With the line containing "R) (l : list" as the start and the line containing "t, r) := p in" as the end, transcribe that span of the entries below exactly, including both.

── Listed records ──

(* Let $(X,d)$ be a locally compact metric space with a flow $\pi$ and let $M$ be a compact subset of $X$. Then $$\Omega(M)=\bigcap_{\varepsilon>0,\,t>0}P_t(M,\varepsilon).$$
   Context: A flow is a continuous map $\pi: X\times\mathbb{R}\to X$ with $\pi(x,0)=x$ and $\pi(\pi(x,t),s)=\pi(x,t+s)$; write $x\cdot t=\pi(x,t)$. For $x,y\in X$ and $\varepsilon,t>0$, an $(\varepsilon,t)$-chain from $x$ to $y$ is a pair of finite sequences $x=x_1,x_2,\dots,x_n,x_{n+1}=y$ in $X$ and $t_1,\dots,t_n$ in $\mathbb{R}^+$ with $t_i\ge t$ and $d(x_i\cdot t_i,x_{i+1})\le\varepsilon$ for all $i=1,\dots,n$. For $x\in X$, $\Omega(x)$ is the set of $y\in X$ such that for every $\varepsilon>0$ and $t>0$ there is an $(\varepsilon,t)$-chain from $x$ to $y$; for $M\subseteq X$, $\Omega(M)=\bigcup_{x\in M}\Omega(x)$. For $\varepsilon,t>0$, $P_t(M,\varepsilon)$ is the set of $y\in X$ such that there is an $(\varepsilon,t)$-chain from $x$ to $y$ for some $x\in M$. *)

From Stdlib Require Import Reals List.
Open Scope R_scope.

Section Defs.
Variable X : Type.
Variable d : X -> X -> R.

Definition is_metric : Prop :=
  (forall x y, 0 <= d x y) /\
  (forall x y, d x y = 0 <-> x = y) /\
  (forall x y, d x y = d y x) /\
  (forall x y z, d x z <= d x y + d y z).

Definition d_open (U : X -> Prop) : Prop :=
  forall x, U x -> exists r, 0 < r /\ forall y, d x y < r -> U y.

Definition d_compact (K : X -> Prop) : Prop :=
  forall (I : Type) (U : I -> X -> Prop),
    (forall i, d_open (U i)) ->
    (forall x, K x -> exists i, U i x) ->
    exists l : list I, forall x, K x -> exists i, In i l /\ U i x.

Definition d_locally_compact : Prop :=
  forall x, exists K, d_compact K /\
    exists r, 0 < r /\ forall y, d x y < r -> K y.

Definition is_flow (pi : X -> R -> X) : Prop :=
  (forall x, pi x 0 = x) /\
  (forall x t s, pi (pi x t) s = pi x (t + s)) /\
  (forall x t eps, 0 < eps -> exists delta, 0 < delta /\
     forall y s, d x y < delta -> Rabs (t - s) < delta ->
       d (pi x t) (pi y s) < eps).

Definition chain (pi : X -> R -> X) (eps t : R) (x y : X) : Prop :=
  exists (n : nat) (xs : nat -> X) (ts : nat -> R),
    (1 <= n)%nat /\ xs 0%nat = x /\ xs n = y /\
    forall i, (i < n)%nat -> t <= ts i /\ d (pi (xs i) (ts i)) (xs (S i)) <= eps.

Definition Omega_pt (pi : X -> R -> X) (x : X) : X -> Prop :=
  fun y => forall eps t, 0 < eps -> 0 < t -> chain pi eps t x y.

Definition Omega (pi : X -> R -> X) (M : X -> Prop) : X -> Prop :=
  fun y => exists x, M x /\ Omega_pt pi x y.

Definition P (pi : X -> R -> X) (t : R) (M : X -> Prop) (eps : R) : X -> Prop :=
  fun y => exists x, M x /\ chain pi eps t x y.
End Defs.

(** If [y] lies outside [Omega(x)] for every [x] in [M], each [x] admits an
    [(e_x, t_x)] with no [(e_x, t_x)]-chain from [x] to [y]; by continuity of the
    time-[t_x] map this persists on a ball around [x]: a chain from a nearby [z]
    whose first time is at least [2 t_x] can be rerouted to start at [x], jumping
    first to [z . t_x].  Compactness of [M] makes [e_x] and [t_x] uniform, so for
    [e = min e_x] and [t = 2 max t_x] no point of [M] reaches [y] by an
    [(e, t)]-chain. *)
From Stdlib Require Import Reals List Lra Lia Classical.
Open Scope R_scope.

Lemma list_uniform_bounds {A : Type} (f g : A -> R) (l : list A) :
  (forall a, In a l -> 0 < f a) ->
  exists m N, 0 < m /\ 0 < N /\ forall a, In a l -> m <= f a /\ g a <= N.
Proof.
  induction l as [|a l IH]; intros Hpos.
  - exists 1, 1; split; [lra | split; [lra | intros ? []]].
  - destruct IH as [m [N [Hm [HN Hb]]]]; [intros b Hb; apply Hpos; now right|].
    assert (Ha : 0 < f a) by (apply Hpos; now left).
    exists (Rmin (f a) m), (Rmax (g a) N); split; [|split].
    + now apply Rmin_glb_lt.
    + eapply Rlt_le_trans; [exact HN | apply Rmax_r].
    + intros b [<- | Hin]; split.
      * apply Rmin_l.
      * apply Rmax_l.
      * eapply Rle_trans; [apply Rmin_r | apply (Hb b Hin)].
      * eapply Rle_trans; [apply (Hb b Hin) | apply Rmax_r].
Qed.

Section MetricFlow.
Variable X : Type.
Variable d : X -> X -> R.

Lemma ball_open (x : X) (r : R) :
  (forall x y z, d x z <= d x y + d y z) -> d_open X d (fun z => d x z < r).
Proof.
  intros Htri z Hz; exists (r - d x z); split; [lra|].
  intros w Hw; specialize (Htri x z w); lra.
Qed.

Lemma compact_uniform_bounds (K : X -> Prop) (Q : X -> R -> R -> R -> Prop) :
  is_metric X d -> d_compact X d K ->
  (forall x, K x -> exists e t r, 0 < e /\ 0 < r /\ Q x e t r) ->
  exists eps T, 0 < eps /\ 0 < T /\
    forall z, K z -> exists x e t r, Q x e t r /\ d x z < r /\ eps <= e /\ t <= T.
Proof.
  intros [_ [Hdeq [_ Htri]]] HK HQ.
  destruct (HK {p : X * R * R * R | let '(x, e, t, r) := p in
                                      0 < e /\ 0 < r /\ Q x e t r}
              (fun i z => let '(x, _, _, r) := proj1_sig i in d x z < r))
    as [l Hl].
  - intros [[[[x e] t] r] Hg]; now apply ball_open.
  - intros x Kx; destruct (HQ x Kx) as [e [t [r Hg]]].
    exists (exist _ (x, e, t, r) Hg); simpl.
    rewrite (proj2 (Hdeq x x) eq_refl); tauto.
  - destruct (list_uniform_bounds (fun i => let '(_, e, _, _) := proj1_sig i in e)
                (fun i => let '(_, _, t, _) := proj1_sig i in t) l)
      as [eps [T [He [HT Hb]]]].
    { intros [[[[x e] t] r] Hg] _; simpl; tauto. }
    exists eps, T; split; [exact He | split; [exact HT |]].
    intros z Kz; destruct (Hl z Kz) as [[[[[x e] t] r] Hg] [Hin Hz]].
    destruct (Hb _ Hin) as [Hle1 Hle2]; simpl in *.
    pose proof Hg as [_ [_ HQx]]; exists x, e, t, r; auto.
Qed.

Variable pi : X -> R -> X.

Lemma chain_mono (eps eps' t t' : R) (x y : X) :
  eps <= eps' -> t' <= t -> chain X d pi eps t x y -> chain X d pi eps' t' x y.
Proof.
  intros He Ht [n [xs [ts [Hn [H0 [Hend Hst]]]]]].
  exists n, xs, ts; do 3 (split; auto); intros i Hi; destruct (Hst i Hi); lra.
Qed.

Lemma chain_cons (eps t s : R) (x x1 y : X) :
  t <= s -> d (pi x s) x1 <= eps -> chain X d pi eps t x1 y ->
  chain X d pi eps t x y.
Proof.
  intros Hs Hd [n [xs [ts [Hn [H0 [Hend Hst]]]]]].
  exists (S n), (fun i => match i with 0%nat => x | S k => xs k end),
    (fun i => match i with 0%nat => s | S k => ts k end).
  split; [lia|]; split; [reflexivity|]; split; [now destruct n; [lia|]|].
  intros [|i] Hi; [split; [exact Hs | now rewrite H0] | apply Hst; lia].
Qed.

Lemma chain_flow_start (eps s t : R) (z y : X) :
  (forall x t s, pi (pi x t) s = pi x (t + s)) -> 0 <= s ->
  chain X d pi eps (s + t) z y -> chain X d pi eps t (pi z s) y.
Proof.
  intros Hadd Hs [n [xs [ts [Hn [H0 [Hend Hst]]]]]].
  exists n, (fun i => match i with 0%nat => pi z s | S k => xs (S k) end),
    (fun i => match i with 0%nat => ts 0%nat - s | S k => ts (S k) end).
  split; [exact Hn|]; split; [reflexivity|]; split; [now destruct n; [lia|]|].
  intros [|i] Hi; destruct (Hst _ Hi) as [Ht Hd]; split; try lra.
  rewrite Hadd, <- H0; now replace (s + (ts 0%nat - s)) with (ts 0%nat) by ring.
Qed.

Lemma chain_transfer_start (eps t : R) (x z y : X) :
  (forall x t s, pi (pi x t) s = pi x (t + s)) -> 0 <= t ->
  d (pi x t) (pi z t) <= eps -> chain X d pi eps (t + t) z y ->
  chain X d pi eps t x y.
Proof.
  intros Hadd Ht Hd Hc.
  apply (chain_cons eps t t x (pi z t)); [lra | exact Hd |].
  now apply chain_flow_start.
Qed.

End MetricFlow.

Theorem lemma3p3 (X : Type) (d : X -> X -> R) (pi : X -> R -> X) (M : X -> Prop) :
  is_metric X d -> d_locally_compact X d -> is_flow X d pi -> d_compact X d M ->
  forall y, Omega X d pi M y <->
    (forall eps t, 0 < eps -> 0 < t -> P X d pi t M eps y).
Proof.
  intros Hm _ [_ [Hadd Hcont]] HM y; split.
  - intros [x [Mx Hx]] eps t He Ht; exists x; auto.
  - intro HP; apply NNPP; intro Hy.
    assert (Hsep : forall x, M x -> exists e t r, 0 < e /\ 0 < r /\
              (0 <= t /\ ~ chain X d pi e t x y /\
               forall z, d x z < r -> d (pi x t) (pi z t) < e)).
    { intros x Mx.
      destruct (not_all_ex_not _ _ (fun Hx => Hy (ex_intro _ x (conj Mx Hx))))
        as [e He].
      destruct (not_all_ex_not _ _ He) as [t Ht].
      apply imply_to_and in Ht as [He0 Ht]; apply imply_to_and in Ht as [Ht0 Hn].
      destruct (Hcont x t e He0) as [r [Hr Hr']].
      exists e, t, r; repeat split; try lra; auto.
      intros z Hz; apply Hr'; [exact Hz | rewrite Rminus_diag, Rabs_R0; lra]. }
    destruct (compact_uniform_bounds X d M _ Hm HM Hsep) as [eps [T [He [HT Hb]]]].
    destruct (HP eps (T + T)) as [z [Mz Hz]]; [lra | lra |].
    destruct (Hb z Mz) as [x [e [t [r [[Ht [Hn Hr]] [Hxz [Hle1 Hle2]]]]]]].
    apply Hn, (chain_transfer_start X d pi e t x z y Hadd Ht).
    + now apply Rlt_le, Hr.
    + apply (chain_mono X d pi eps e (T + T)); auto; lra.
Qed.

───

= Written response =
Lemma list_uniform_bounds {A : Type} (f g : A -> R) (l : list A) :
  (forall a, In a l -> 0 < f a) ->
  exists m N, 0 < m /\ 0 < N /\ forall a, In a l -> m <= f a /\ g a <= N.
Proof.
  induction l as [|a l IH]; intros Hpos.
  - exists 1, 1; split; [lra | split; [lra | intros ? []]].
  - destruct IH as [m [N [Hm [HN Hb]]]]; [intros b Hb; apply Hpos; now right|].
    assert (Ha : 0 < f a) by (apply Hpos; now left).
    exists (Rmin (f a) m), (Rmax (g a) N); split; [|split].
    + now apply Rmin_glb_lt.
    + eapply Rlt_le_trans; [exact HN | apply Rmax_r].
    + intros b [<- | Hin]; split.
      * apply Rmin_l.
      * apply Rmax_l.
      * eapply Rle_trans; [apply Rmin_r | apply (Hb b Hin)].
      * eapply Rle_trans; [apply (Hb b Hin) | apply Rmax_r].
Qed.

Section MetricFlow.
Variable X : Type.
Variable d : X -> X -> R.

Lemma ball_open (x : X) (r : R) :
  (forall x y z, d x z <= d x y + d y z) -> d_open X d (fun z => d x z < r).
Proof.
  intros Htri z Hz; exists (r - d x z); split; [lra|].
  intros w Hw; specialize (Htri x z w); lra.
Qed.

Lemma compact_uniform_bounds (K : X -> Prop) (Q : X -> R -> R -> R -> Prop) :
  is_metric X d -> d_compact X d K ->
  (forall x, K x -> exists e t r, 0 < e /\ 0 < r /\ Q x e t r) ->
  exists eps T, 0 < eps /\ 0 < T /\
    forall z, K z -> exists x e t r, Q x e t r /\ d x z < r /\ eps <= e /\ t <= T.
Proof.
  intros [_ [Hdeq [_ Htri]]] HK HQ.
  destruct (HK {p : X * R * R * R | let '(x, e, t, r) := p in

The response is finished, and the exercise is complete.